Count one of the indictment for compelling prostitution involved the same set of facts for which appellant was originally arrested and charged with attempted corruption of a minor.

Appellant appeals, raising ten assignments of error:

FIRST ASSIGNMENT OF ERROR

COMPELLING PROSTITUTION (OHIO REVISED CODE SECTION 2907.21) AND PANDERING OBSCENITY INVOLVING A MINOR (OHIO REVISED CODE SECTION 2907.321), AS APPLIED TO THE CASE AT BAR AND ACTS INVOLVING COMPUTERS IN GENERAL, IS CONSTITUTIONALLY IMPERMISSIBLE AND VIOLATES THE EQUAL PROTECTION CLAUSE OF THE FOURTEENTH AMENDMENT OF THE UNITED STATES CONSTITUTION, AS WELL AS THE DUE PROCESS CLAUSE OF THE OHIO CONSTITUTION.
SECOND ASSIGNMENT OF ERROR

THE EVIDENCE PRESENTED BY THE STATE OF OHIO IN THIS MATTER IS INSUFFICIENT AS A MATTER OF LAW TO SUSTAIN APPELLANT'S CONVICTION UNDER OHIO REVISED CODE SECTION 2907.21, CONTAINED IN COUNT ONE.
THIRD ASSIGNMENT OF ERROR

THE TRIAL COURT ERRED TO THE PREJUDICE OF APPELLANT IN DENYING HIS MOTION TO DISMISS PURSUANT TO THE SPEEDY TRIAL RULE.
FOURTH ASSIGNMENT OF ERROR

THE TRIAL COURT ERRED IN FAILING TO ADEQUATELY INSTRUCT THE JURY AS TO THE CULPABLE MENTAL STATE REQUIRED FOR CONVICTION UNDER OHIO REVISED CODE SECTION 2907.321 AS TO COUNTS SEVEN, EIGHT, NINE, ELEVEN, TWELVE, THIRTEEN, FOURTEEN AND FIFTEEN.
FIFTH ASSIGNMENT OF ERROR

THE EVIDENCE PRESENTED BY THE STATE OF OHIO IN THIS MATTER IS INSUFFICIENT AS A MATTER OF LAW TO SUSTAIN APPELLANT'S CONVICTIONS UNDER OHIO REVISED CODE SECTION 2907.321(A)(6), AS TO COUNTS SEVEN, EIGHT, NINE, ELEVEN, TWELVE, THIRTEEN, FOURTEEN AND FIFTEEN.
SIXTH ASSIGNMENT OF ERROR

THE TRIAL COURT ERRED IN FAILING TO GRANT APPELLANT'S RULE 29 MOTION AS TO COUNT SEVENTEEN, CHARGING APPELLANT WITH ILLEGAL USE OF A IN OR IN A NUDITY ORIENTED MATERIAL OR PERFORMANCE CONTRARY TO OHIO REVISED CODE SECTION 2907.323.
SEVENTH ASSIGNMENT OF ERROR

THE EVIDENCE PRESENTED BY THE STATE IS INSUFFICIENT AS A MATTER OF LAW TO SUSTAIN APPELLANT'S CONVICTION UNDER OHIO REVISED CODE SECTION 2907.31, CONTINUED IN COUNT TWENTY-ONE.
EIGHTH ASSIGNMENT OF ERROR

THE COURT ERRED TO THE PREJUDICE OF APPELLANT IN FAILING TO INSTRUCT THE JURY ON COURSE OF CRIMINAL CONDUCT.
NINTH ASSIGNMENT OF ERROR

THE COURT ERRED TO THE SUBSTANTIAL PREJUDICE OF APPELLANT IN FINDING HIM TO BE A SEXUAL PREDATOR, CONTRARY TO THE STATUTORY MANDATE.
TENTH ASSIGNMENT OF ERROR

THE TRIAL COURT ERRED IN SENTENCING APPELLANT TO CONSECUTIVE TERMS FOR MULTIPLE COUNTS.
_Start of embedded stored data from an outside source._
Lemma square_kl_weight a b l1 l2 :
  of_weight D a l1 -> of_weight D b l2 ->
  square_kl *%R D p k l a b = square_coef (p ^ k) (p ^ l) l1 l2 * (a * b) /\
  of_weight D (square_kl *%R D p k l a b) (l1 + l2).
Proof.
move=> wa wb; have [Dl1 _] := wa; have [Dl2 _] := wb.
set c := l1 ^+ (p ^ k).-1 * l2 ^+ (p ^ l).-1 + l1 ^+ (p ^ l).-1 * l2 ^+ (p ^ k).-1.
have Dc : D c = 0 by rewrite !(derivation_constD, derivation_constM, derivation_constX).
have wab := of_weightM wa wb.
have -> : square_kl *%R D p k l a b = square_coef (p ^ k) (p ^ l) l1 l2 * (a * b).
  rewrite /square_kl (negPf neq_kl) /Dpow !(iter_of_weight _ wa, iter_of_weight _ wb).
  have -> : forall e f g h : R,
      e * a * (f * b) + g * a * (h * b) = (e * f + g * h) * (a * b).
    by move=> e f g h; ring.
  by rewrite (of_weight_scale Dc wab).2 /square_coef -/c -[RHS]mulrA.
split=> //; apply: (of_weight_scale _ wab).
by rewrite /square_coef -/c; apply: derivation_constM => //; exact: derivation_constD.
Qed.

Lemma tortken_defect_square a b c d X Y Z W :
  of_weight D a X -> of_weight D b Y -> of_weight D c Z -> of_weight D d W ->
  tortken_defect (square_kl *%R D p k l) a b c d =
  tortken_coef (square_coef (p ^ k) (p ^ l)) X Y Z W * (a * b * c * d).
Proof.
apply: tortken_defect_weight => [? ? ?|? ? ? ?]; first exact: of_weightB.
exact: square_kl_weight.
Qed.

End Weights.

Definition power_form (R : comPzRingType) (q Q : nat) (s t : R) : R :=
  s ^+ q * t ^+ Q + s ^+ Q * t ^+ q.

Lemma square_coef_mul (R : comPzRingType) (q Q : nat) (s t : R) :
  (0 < q)%N -> (0 < Q)%N ->
  square_coef q Q s t * (s * t) = (s + t) * power_form q Q s t.
Proof.
case: q Q => [|q] [|Q] // _ _.
by rewrite /square_coef /power_form /= !exprS; ring.
Qed.

(* For additive [f] and [g] (the Frobenius powers below) the form
   [f s * g t + g s * f t] is biadditive, so its [tortken_coef] on the weights
   of the counterexamples only involves [f e] and [g e]. *)
Section BiadditiveCoef.
Variables (R : comPzRingType) (f g : R -> R).
Hypotheses (fD : {morph f : x y / x + y}) (gD : {morph g : x y / x + y})
           (f1 : f 1 = 1) (g1 : g 1 = 1).
Let form s t := f s * g t + g s * f t.

Lemma tortken_coef_odd e :
  tortken_coef form 1 e (1 + e) (e + e) = - 4%:R * f e * g e * (f e - g e) ^+ 2.
Proof. by rewrite /tortken_coef /form !(fD, gD) f1 g1; ring. Qed.

Hypotheses (fM : {morph f : x y / x * y}) (gM : {morph g : x y / x * y}).

Lemma tortken_coef_char2 e :
  tortken_coef form 1 e (e ^+ 2) (e ^+ 3) =
  - (f e * g e * (f e - g e) ^+ 2 * (f e + g e) *
     ((f e ^+ 2 + g e) * (f e + g e ^+ 2) * (f e + 1) * (g e + 1) +
      2%:R * (f e + g e) * (f e ^+ 2 + g e ^+ 2))).
Proof.
by rewrite /tortken_coef /form [e ^+ 3]exprS expr2 !(fD, gD, fM, gM) f1 g1; ring.
Qed.

End BiadditiveCoef.

Lemma comm_assoc_alg_mulr (K : fieldType) (R : comAlgType K) :
  comm_assoc_alg ( *%R : R -> R -> R).
Proof.
split=> [c x y z|]; first by rewrite mulrDl scalerAl.
by split; [exact: mulrC | exact: mulrA].
Qed.

Section Counterexample.
Variables (K : fieldType) (p : nat).
Hypothesis pK : p \in [pchar K].
Local Notation A := {mpoly K[4]}.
Appellant came to the attention of the WPD on August 20, 1998, when a person named Adam telephoned with information concerning a thirteen-year-old girl named Sarah Reidenbach of Worthington, Ohio in Franklin County. Based upon the information provided from Adam, officers contacted Sarah and her father, Frederick Reidenbach. The police learned from Sarah that she had been contacted, via the Internet, by appellant and that she had agreed to meet him at the Graeter's Ice Cream store in Worthington early that afternoon. Sarah disclosed to the police officers that she and appellant, who had identified himself as a nineteen-year-old male, had discussed meeting for the express purpose of engaging in sexual relations. Sarah agreed to meet appellant at Graeter's while wearing a wire so that the police could tape-record her conversation with appellant. Sarah and appellant met at Graeter's and, during the conversation, Sarah brought up their prior discussions concerning going to a hotel room. During this conversation, appellant did not say anything of a sexual nature. Pursuant to the police officer's instructions, Sarah allowed appellant to leave Graeter's before she did. When appellant exited Graeter's, he was immediately arrested.

Appellant's date of birth is January 25, 1971. As such, appellant was actually twenty-seven years old.

Following his arrest, the police obtained a search warrant for appellant's car and his apartment in Oxford, Ohio. In his car, the police found Sarah's name, telephone number, and information relating to their meeting at Graeter's. In his apartment, the police confiscated his computer.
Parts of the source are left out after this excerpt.